Очерки истории цивилизации — страница 113 из 230

Сомнительно, чтобы во времена Будды в Индии письменность и чтение были широко распространены. Но когда китайский паломник посетил Индию, грамотность была уже вполне распространенным явлением. Сюань-Цзан очень интересно рассказывает о величественном буддийском университете в Наланде — его руины были недавно обнаружены и раскопаны археологами. Наланда и Таксила были, по всей видимости, весьма значительными образовательными центрами, открытыми примерно в то же время, что и ранние философские школы в Афинах. Он также посетил пещеры Аджанты, о которых мы уже рассказывали. Несмотря на влияние буддизма, кастовая система в Индии, как обнаружил Сюань-Цзян, вполне устоялась, главенствующее положение брахманов было совершенно неоспоримо. Он называет те четыре касты, о которых мы уже упоминали, но в его передаче их положение и занятия выглядят несколько отличными. Шудры, по его словам, это каста земледельцев. Индийские же авторы говорят, что их обязанностью было служить «дважды рожденным» из высших каст.

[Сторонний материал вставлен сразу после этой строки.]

(* Let $n\geq 3$, $m\geq 2$ and $k\geq 1$. The group $B_n/[B_n[m], B_n[m]](mk+1)$ is finite and isomorphic to the cyclic group $\mathbb{Z}_{mk+1}$.
   Context: $B_n$ is the braid group on $n$ strands with standard generators $\sigma_1,\dots,\sigma_{n-1}$. For $m\ge 2$, the level $m$ congruence subgroup $B_n[m]$ is the kernel of the mod $m$ reduction $\rho_m$ of the symplectic representation of $B_n$ obtained by specializing the (reducible) Burau representation at $t=-1$. $[B_n[m],B_n[m]]$ denotes its commutator subgroup. For positive integers $n,m,p$, $B_n/[B_n[m], B_n[m]](p)$ denotes the Coxeter-type quotient of $B_n/[B_n[m], B_n[m]]$ obtained by adding the relations $\sigma_i^p=1$ for all $1\le i\le n-1$, i.e. the quotient of $B_n$ by the normal subgroup generated by $[B_n[m],B_n[m]]$ and $\sigma_1^p$. *)

(* The braid group B_n is presented by words in the
   generators sigma_i^{+-1}; groups defined by presentations are encoded as
   words modulo the least congruence generated by the defining relations. *)
From mathcomp Require Import all_boot all_order all_algebra.
Set Implicit Arguments. Unset Strict Implicit. Unset Printing Implicit Defensive.
Import GRing.Theory.
Local Open Scope ring_scope.

(* A letter (i, true) is sigma_{i+1}, (i, false) is sigma_{i+1}^{-1},
   for i : 'I_(n.-1) (so index 0 is sigma_1). *)
Definition letter (n : nat) := ('I_(n.-1) * bool)%type.
Definition word (n : nat) := seq (letter n).

Definition winv n (w : word n) : word n := rev (map (fun x => (x.1, ~~ x.2)) w).

Inductive braid_rel (n : nat) : word n -> word n -> Prop :=
| br_free (i : 'I_(n.-1)) (b : bool) : braid_rel [:: (i, b); (i, ~~ b)] [::]
| br_far (i j : 'I_(n.-1)) : (i.+1 < j)%N ->
    braid_rel [:: (i, true); (j, true)] [:: (j, true); (i, true)]
| br_near (i j : 'I_(n.-1)) : val j = (val i).+1 ->
    braid_rel [:: (i, true); (j, true); (i, true)] [:: (j, true); (i, true); (j, true)].

Inductive cong_closure (A : Type) (R : seq A -> seq A -> Prop) : seq A -> seq A -> Prop :=
| cc_base u v : R u v -> cong_closure R u v
| cc_refl u : cong_closure R u u
| cc_sym u v : cong_closure R u v -> cong_closure R v u
| cc_trans u v w : cong_closure R u v -> cong_closure R v w -> cong_closure R u w
| cc_cat u u' v v' : cong_closure R u u' -> cong_closure R v v' ->
    cong_closure R (u ++ v) (u' ++ v').

Definition braid_eq n : word n -> word n -> Prop := cong_closure (@braid_rel n).

(* Burau representation (unreduced, n x n) specialized at t = -1, mod m.
   sigma_i acts by the block [[1-t, t],[1, 0]] = [[2,-1],[1,0]] in rows/cols
   i, i+1; its inverse is [[0,1],[-1,2]]. *)
Definition burau_gen (n m : nat) (x : letter n) : 'M['Z_m]_n :=
  let i := val x.1 in
  \matrix_(a < n, b < n)
    if val a == i then
      (if val b == i then (if x.2 then 2 else 0)
       else if val b == i.+1 then (if x.2 then -1 else 1) else 0)
    else if val a == i.+1 then
      (if val b == i then (if x.2 then 1 else -1)
       else if val b == i.+1 then (if x.2 then 0 else 2) else 0)
    else (val a == val b)%:R.

Definition rho (n m : nat) (w : word n) : 'M['Z_m]_n :=
  foldr (fun x M => burau_gen m x *m M) 1%:M w.

(* Membership (of a representative word) in B_n[m] = ker rho_m. *)
Definition in_congr (n m : nat) (w : word n) : Prop := rho m w = 1%:M.

Definition commw n (u v : word n) : word n := u ++ v ++ winv u ++ winv v.

(* Relations of B_n / [B_n[m],B_n[m]] (p): braid relations, all commutators
   of elements of B_n[m], and sigma_1^p (taking the normal closure is
   automatic since we take the congruence closure). *)
Inductive quot_rel (n m p : nat) : word n -> word n -> Prop :=
| qr_braid u v : braid_rel u v -> quot_rel m p u v
| qr_comm u v : in_congr m u -> in_congr m v -> quot_rel m p (commw u v) [::]
| qr_pow (i : 'I_(n.-1)) : val i = 0%N -> quot_rel m p (nseq p (i, true)) [::].

Definition quot_eq n m p : word n -> word n -> Prop := cong_closure (@quot_rel n m p).

From mathcomp Require Import all_boot all_order all_algebra.
From mathcomp Require Import ring zify.
From Stdlib Require Import Setoid Morphisms.
Set Implicit Arguments. Unset Strict Implicit. Unset Printing Implicit Defensive.
Import GRing.Theory.

(* The Burau matrix of sigma_i at t = -1 is a transvection 1 + N with N^2 = 0,
   so sigma_i^m lies in B_n[m] and the m-th powers of any two generators
   commute in the quotient.  Put p = mk + 1.  If a = sigma_i and b = sigma_(i+1)
   satisfy aba = bab and a^p = 1, then b is conjugate to a, so b^p = 1 as well;
   hence a = (a^m)^-k and b = (b^m)^-k commute, and the braid relation collapses
   to a = b.  All generators therefore equal sigma_1, which has order dividing p;
   the exponent sum mod p is a well-defined surjection onto Z_p, so the quotient
   is cyclic of order exactly p. *)

Lemma Zp_natr_self (q : nat) : (1 < q)%N -> (q%:R : 'Z_q)%R = 0%R.
Proof. by move=> q_gt1; apply: val_inj; rewrite /= val_Zp_nat // modnn. Qed.

Section BurauTransvection.
Local Open Scope ring_scope.
Variables (n m : nat).

Lemma rank_one_mx_sqr (R : pzRingType) (u : 'cV[R]_n) (v : 'rV[R]_n) :
  v *m u = 0 -> (u *m v) *m (u *m v) = 0.
Proof. by move=> vu0; rewrite -mulmxA [v *m _]mulmxA vu0 mul0mx mulmx0. Qed.

Lemma rho_nseq_unipotent (x : letter n) (N : 'M['Z_m]_n) :
  burau_gen m x = 1%:M + N -> N *m N = 0 ->
  forall j, rho m (nseq j x) = 1%:M + j%:R *: N.
Proof.
move=> hx hN; elim=> [|j IH]; first by rewrite /rho /= scale0r addr0.
have -> : rho m (nseq j.+1 x) = burau_gen m x *m rho m (nseq j x) by [].
rewrite IH hx mulmxDl mul1mx mulmxDr mulmx1 -scalemxAr hN scaler0 addr0.
by rewrite mulrS scalerDl scale1r -addrA (addrC N).
Qed.

Lemma burau_gen_sigma (i : 'I_n.-1) (a b : 'I_n) :
  val a = val i -> val b = (val i).+1 ->
  burau_gen m (i, true) =
    1%:M + (delta_mx a 0 + delta_mx b 0) *m (delta_mx 0 a - delta_mx 0 b :> 'rV_n).
Proof.
move=> ha hb; apply/matrixP => r c.
rewrite !mxE big_ord1 !mxE /= -!val_eqE /= ha hb.
case: (val r =P val i) => h1; case: (val r =P (val i).+1) => h2;
case: (val c =P val i) => h3; case: (val c =P (val i).+1) => h4;
case: (val r =P val c) => h5; rewrite /= ?eqxx; try (exfalso; lia); ring.
Qed.

Lemma in_congr_sigma_exp (i : 'I_n.-1) : (1 < m)%N -> in_congr m (nseq m (i, true)).
Proof.
move=> m_gt1; have i_lt : (val i < n.-1)%N := ltn_ord i.
have a_lt : (val i < n)%N by lia.
have b_lt : ((val i).+1 < n)%N by lia.
pose a := Ordinal a_lt; pose b := Ordinal b_lt.
have ab_neq : a != b by rewrite -val_eqE /= neq_ltn ltnSn.
rewrite /in_congr (rho_nseq_unipotent (burau_gen_sigma (a := a) (b := b) _ _)) //.
  by rewrite Zp_natr_self // scale0r addr0.
apply: rank_one_mx_sqr; have ba_neq : b != a by rewrite eq_sym.
rewrite mulmxBl !mulmxDr !mul_delta_mx !mul_delta_mx_0 //.
by rewrite addr0 add0r subrr.
Qed.

End BurauTransvection.

Definition wpow n (w : word n) (j : nat) : word n := flatten (nseq j w).

Lemma wpowS n (w : word n) j : wpow w j.+1 = w ++ wpow w j.
Proof. by []. Qed.

Lemma wpowD n (w : word n) i j : wpow w (i + j) = wpow w i ++ wpow w j.
Proof. by elim: i => //= i IH; rewrite !wpowS IH catA. Qed.

Lemma wpowM n (w : word n) i j : wpow w (i * j) = wpow (wpow w i) j.
Proof. by elim: j => [|j IH]; rewrite ?muln0 // mulnS wpowD IH. Qed.

Lemma wpow_letter n (x : letter n) j : wpow [:: x] j = nseq j x.
Proof. by elim: j => // j IH; rewrite wpowS IH. Qed.

Lemma wpow_nil n j : wpow ([::] : word n) j = [::].
Proof. by elim: j. Qed.

Lemma winvK n (w : word n) : winv (winv w) = w.
Proof.
rewrite /winv map_rev revK -map_comp -[RHS]map_id.
by apply: eq_map => -[i b] /=; rewrite negbK.
Qed.

#[export] Instance quot_eq_Equivalence n m p : Equivalence (@quot_eq n m p).
Proof. split; [exact: cc_refl | exact: cc_sym | exact: cc_trans]. Qed.

#[export] Instance cat_quot_eq_Proper n m p :
  Proper (@quot_eq n m p ==> @quot_eq n m p ==> @quot_eq n m p) (@cat (letter n)).
Proof. by move=> u u' hu v v' hv; apply: cc_cat. Qed.

#[export] Instance wpow_quot_eq_Proper n m p :
  Proper (@quot_eq n m p ==> eq ==> @quot_eq n m p) (@wpow n).
Proof.
move=> u v huv j _ <-; elim: j => [|j IH]; first reflexivity.
by rewrite !wpowS; apply: cc_cat.
Qed.

#[local] Hint Extern 0 (quot_eq _ _ _ _) => reflexivity : core.

Section QuotientGroup.
Variables n m p : nat.
Local Notation "u ≡ v" := (@quot_eq n m p u v) (at level 70).
Implicit Types u v w x a b : word n.

Lemma quot_eq_rel u v : quot_rel m p u v -> u ≡ v.
Proof. exact: cc_base. Qed.

Lemma quot_catV u : u ++ winv u ≡ [::].
Proof.
elim: u => [|[i c] u IH] /=; first reflexivity.
rewrite /winv /= rev_cons -cats1 -/(winv u).
have -> : (i, c) :: u ++ winv u ++ [:: (i, ~~ c)] =
          [:: (i, c)] ++ (u ++ winv u) ++ [:: (i, ~~ c)] by rewrite /= catA.
by rewrite IH; apply/quot_eq_rel/qr_braid/br_free.
Qed.

Lemma quot_Vcat u : winv u ++ u ≡ [::].
Proof. by have := quot_catV (winv u); rewrite winvK. Qed.

Lemma quot_cancel_l u v w : u ++ v ≡ u ++ w -> v ≡ w.
Proof. by move=> h; rewrite -[v]cat0s -[w]cat0s -(quot_Vcat u) -!catA h. Qed.

Lemma quot_cancel_r u v w : v ++ u ≡ w ++ u -> v ≡ w.
Proof. by move=> h; rewrite -[v]cats0 -[w]cats0 -(quot_catV u) !catA h. Qed.

Lemma winv_eq_wpow x q : wpow x q.+1 ≡ [::] -> winv x ≡ wpow x q.
Proof. by move=> hx; apply: (@quot_cancel_l x); rewrite quot_catV -wpowS hx. Qed.

Lemma eq_winv_wpow x q : wpow x q.+1 ≡ [::] -> x ≡ winv (wpow x q).
Proof. by move=> hx; apply: (@quot_cancel_r (wpow x q)); rewrite quot_Vcat -wpowS hx. Qed.

Definition wcommute u v := u ++ v ≡ v ++ u.

Lemma wcommute_sym u v : wcommute u v -> wcommute v u.
Proof. by rewrite /wcommute => ->. Qed.

Lemma wcommute_commw u v : commw u v ≡ [::] -> wcommute u v.
Proof.
move=> huv; rewrite /wcommute -[v ++ u]cat0s -huv /commw -!catA.
by rewrite (catA (winv v)) quot_Vcat /= quot_Vcat cats0.
Qed.

Lemma wcommute_wpow u v j : wcommute u v -> wcommute (wpow u j) v.
Proof.
rewrite /wcommute => huv; elim: j => [|j IH] /=; first by rewrite cats0.
by rewrite wpowS -catA IH catA huv catA.
Qed.

Lemma wcommute_winv u v : wcommute u v -> wcommute (winv u) v.
Proof.
rewrite /wcommute => huv; apply: (@quot_cancel_l u).
by rewrite catA quot_catV catA huv -catA quot_catV cats0.
Qed.

Lemma braid_conj_wpow a b j :
  a ++ b ++ a ≡ b ++ a ++ b -> (a ++ b) ++ wpow a j ≡ wpow b j ++ (a ++ b).
Proof.
move=> hab; elim: j => [|j IH]; first by rewrite cats0.
by rewrite !wpowS catA -(catA a b a) hab -catA IH catA.
Qed.

Lemma braid_related_eq r k a b :
  a ++ b ++ a ≡ b ++ a ++ b -> wpow a (r * k).+1 ≡ [::] ->
  wcommute (wpow a r) (wpow b r) -> a ≡ b.
Proof.
move=> hab ha hr.
have hb : wpow b (r * k).+1 ≡ [::].
  by apply: (@quot_cancel_r (a ++ b)); rewrite -braid_conj_wpow // ha cats0.
have hcomm : wcommute a b.
  rewrite /wcommute (eq_winv_wpow ha) (eq_winv_wpow hb) !wpowM.
  do 2![apply: wcommute_winv; apply: wcommute_sym].
  by do 2![apply: wcommute_wpow; apply: wcommute_sym].
apply: (@quot_cancel_l a); apply: (@quot_cancel_l b).
by rewrite catA -hcomm -catA hab.
Qed.

End QuotientGroup.

Section ExponentSum.
Local Open Scope ring_scope.
Context (p : nat) {n : nat}.
Implicit Types u v w : word n.

Definition exp_sum w : 'Z_p := \sum_(x <- w) (if x.2 then 1 else -1).

Lemma exp_sum_nil : exp_sum [::] = 0.
Proof. exact: big_nil. Qed.

Lemma exp_sum_cat u v : exp_sum (u ++ v) = exp_sum u + exp_sum v.
Proof. exact: big_cat. Qed.

Lemma exp_sum_winv w : exp_sum (winv w) = - exp_sum w.
Proof.
rewrite /exp_sum big_rev big_map -sumrN.
by apply: eq_bigr => -[i []] _ //=; rewrite opprK.
Qed.

Lemma exp_sum_sigma_wpow (i : 'I_n.-1) j : exp_sum (wpow [:: (i, true)] j) = j%:R.
Proof.
elim: j => [|j IH]; first exact: exp_sum_nil.
by rewrite wpowS exp_sum_cat IH /exp_sum big_seq1 mulrS.
Qed.

Lemma exp_sum_quot_eq m u v : (1 < p)%N -> quot_eq m p u v -> exp_sum u = exp_sum v.
Proof.
move=> p_gt1; elim=> {u v} [u v [u' v' hb|u' v' _ _|i _]|//|u v _ ->|
                             u v w _ -> _ ->|u u' v v' _ hu _ hv] //.
- case: hb => [i [] | i j _ | i j _]; rewrite /exp_sum !big_cons big_nil //=.
    by rewrite addr0 subrr.
  by rewrite addr0 addNr.
- by rewrite /commw !exp_sum_cat !exp_sum_winv exp_sum_nil; ring.
- by rewrite -wpow_letter exp_sum_sigma_wpow Zp_natr_self // exp_sum_nil.
- by rewrite !exp_sum_cat hu hv.
Qed.

End ExponentSum.

Section CyclicQuotient.
Variables (n m k : nat) (i0 : 'I_n.-1).
Hypotheses (m_gt1 : (1 < m)%N) (k_gt0 : (0 < k)%N) (i0_eq0 : val i0 = 0%N).
Local Notation p := (m * k).+1.
Local Notation "u ≡ v" := (@quot_eq n m p u v) (at level 70).
Local Notation sigma1 := [:: (i0, true)].

Let p_gt1 : (1 < p)%N. Proof. by rewrite ltnS muln_gt0 (ltnW m_gt1) k_gt0. Qed.

Lemma sigma_eq_sigma1 (i : 'I_n.-1) : [:: (i, true)] ≡ sigma1.
Proof.
case: i => j; elim: j => [|j IH] j_lt.
  by rewrite (_ : Ordinal j_lt = i0) //; apply: val_inj.
have j_lt' : (j < n.-1)%N by exact: ltnW.
rewrite -(IH j_lt'); symmetry; apply: (@braid_related_eq n m p m k).
- exact/quot_eq_rel/qr_braid/br_near.
- by rewrite (IH j_lt') wpow_letter; apply/quot_eq_rel/qr_pow.
- apply/wcommute_commw/quot_eq_rel/qr_comm; rewrite wpow_letter;
  exact: in_congr_sigma_exp.
Qed.

Lemma sigma_wpow_order (i : 'I_n.-1) : wpow [:: (i, true)] p ≡ [::].
Proof. by rewrite sigma_eq_sigma1 wpow_letter; apply/quot_eq_rel/qr_pow. Qed.

Lemma sigma1_wpow_mod j : wpow sigma1 j ≡ wpow sigma1 (j %% p).
Proof.
by rewrite {1}(divn_eq j p) wpowD (mulnC (j %/ p)) wpowM sigma_wpow_order wpow_nil.
Qed.

Lemma quot_eq_sigma1_wpow w :
  exists2 j, w ≡ wpow sigma1 j & (j%:R = exp_sum p w)%R.
Proof.
elim: w => [|[i []] w [j hw hj]]; first by exists 0%N; rewrite ?exp_sum_nil.
  exists j.+1; first by rewrite -cat1s hw sigma_eq_sigma1.
  by rewrite -cat1s exp_sum_cat -hj /exp_sum big_seq1 mulrS.
exists (m * k + j)%N.
  rewrite -cat1s hw wpowD -[[:: (i, false)]]/(winv [:: (i, true)]).
  by rewrite (winv_eq_wpow (sigma_wpow_order i)) sigma_eq_sigma1.
rewrite -cat1s exp_sum_cat -hj /exp_sum big_seq1 natrD.
by congr (_ + _)%R; apply/eqP; rewrite -addr_eq0 -mulrSr Zp_natr_self.
Qed.

Lemma word_normal_form w : w ≡ wpow sigma1 (exp_sum p w).
Proof.
have [j hw hj] := quot_eq_sigma1_wpow w.
by rewrite {1}hw sigma1_wpow_mod -hj val_Zp_nat.
Qed.

Lemma quot_eq_exp_sum u v : u ≡ v <-> exp_sum p u = exp_sum p v.
Proof.
split; first exact: exp_sum_quot_eq.
by move=> huv; rewrite (word_normal_form u) (word_normal_form v) huv.
Qed.

End CyclicQuotient.

Local Open Scope ring_scope.

Theorem proposition3p1 (n m k : nat) :
  (3 <= n)%N -> (2 <= m)%N -> (1 <= k)%N ->
  (exists s : seq (word n), forall w : word n,
      exists2 w', w' \in s & quot_eq m (m * k).+1 w w') /\
  (exists f : word n -> 'Z_((m * k).+1),
      (forall u v, f (u ++ v) = f u + f v) /\
      (forall z, exists w, f w = z) /\
      (forall u v, quot_eq m (m * k).+1 u v <-> f u = f v)).
Proof.
move=> n_ge3 m_ge2 k_ge1.
have i0_lt : (0 < n.-1)%N by rewrite -subn1 subn_gt0 (ltnW n_ge3).
pose i0 := Ordinal i0_lt; pose sigma1 := [:: (i0, true)].
have i0_eq0 : val i0 = 0%N by [].
split.
  exists [seq wpow sigma1 z | z : 'Z_((m * k).+1)] => w.
  exists (wpow sigma1 (exp_sum (m * k).+1 w)); first exact: image_f.
  exact: (word_normal_form m_ge2 k_ge1 i0_eq0).
exists (exp_sum (m * k).+1); split; [exact: exp_sum_cat | split].
- by move=> z; exists (wpow sigma1 z); rewrite exp_sum_sigma_wpow natr_Zp.
- by move=> u v; apply: (quot_eq_exp_sum m_ge2 k_ge1 i0_eq0).
Qed.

Впрочем, реалии индийской жизни почти не видны за нагромождением легенд и благочестивых домыслов, которыми изобилует эта часть повествования китайского паломника. Но именно ради них он проделал свой нелегкий путь и теперь мог отвести душу в родной стихии. Вера Будды, которая в дни Ашоки и даже еще во времена Канишки была все еще достаточно чистой, чтобы вдохновлять благородные сердца, теперь, как мы обнаруживаем совершенно потерялась в дикой чаще нелепых фантазий, философии бесконечных Будд, сказках о чудесах, вроде чудесного зачатия от слона с шестью бивнями, о сострадательном царевиче, согласившемся быть съеденным голодной тигрицей, и тому подобное. И в соперничестве с этим интеллектуально обессилевшим буддизмом брахманизм повсеместно делал успехи, как с сожалением отмечает Сюань-Цзян.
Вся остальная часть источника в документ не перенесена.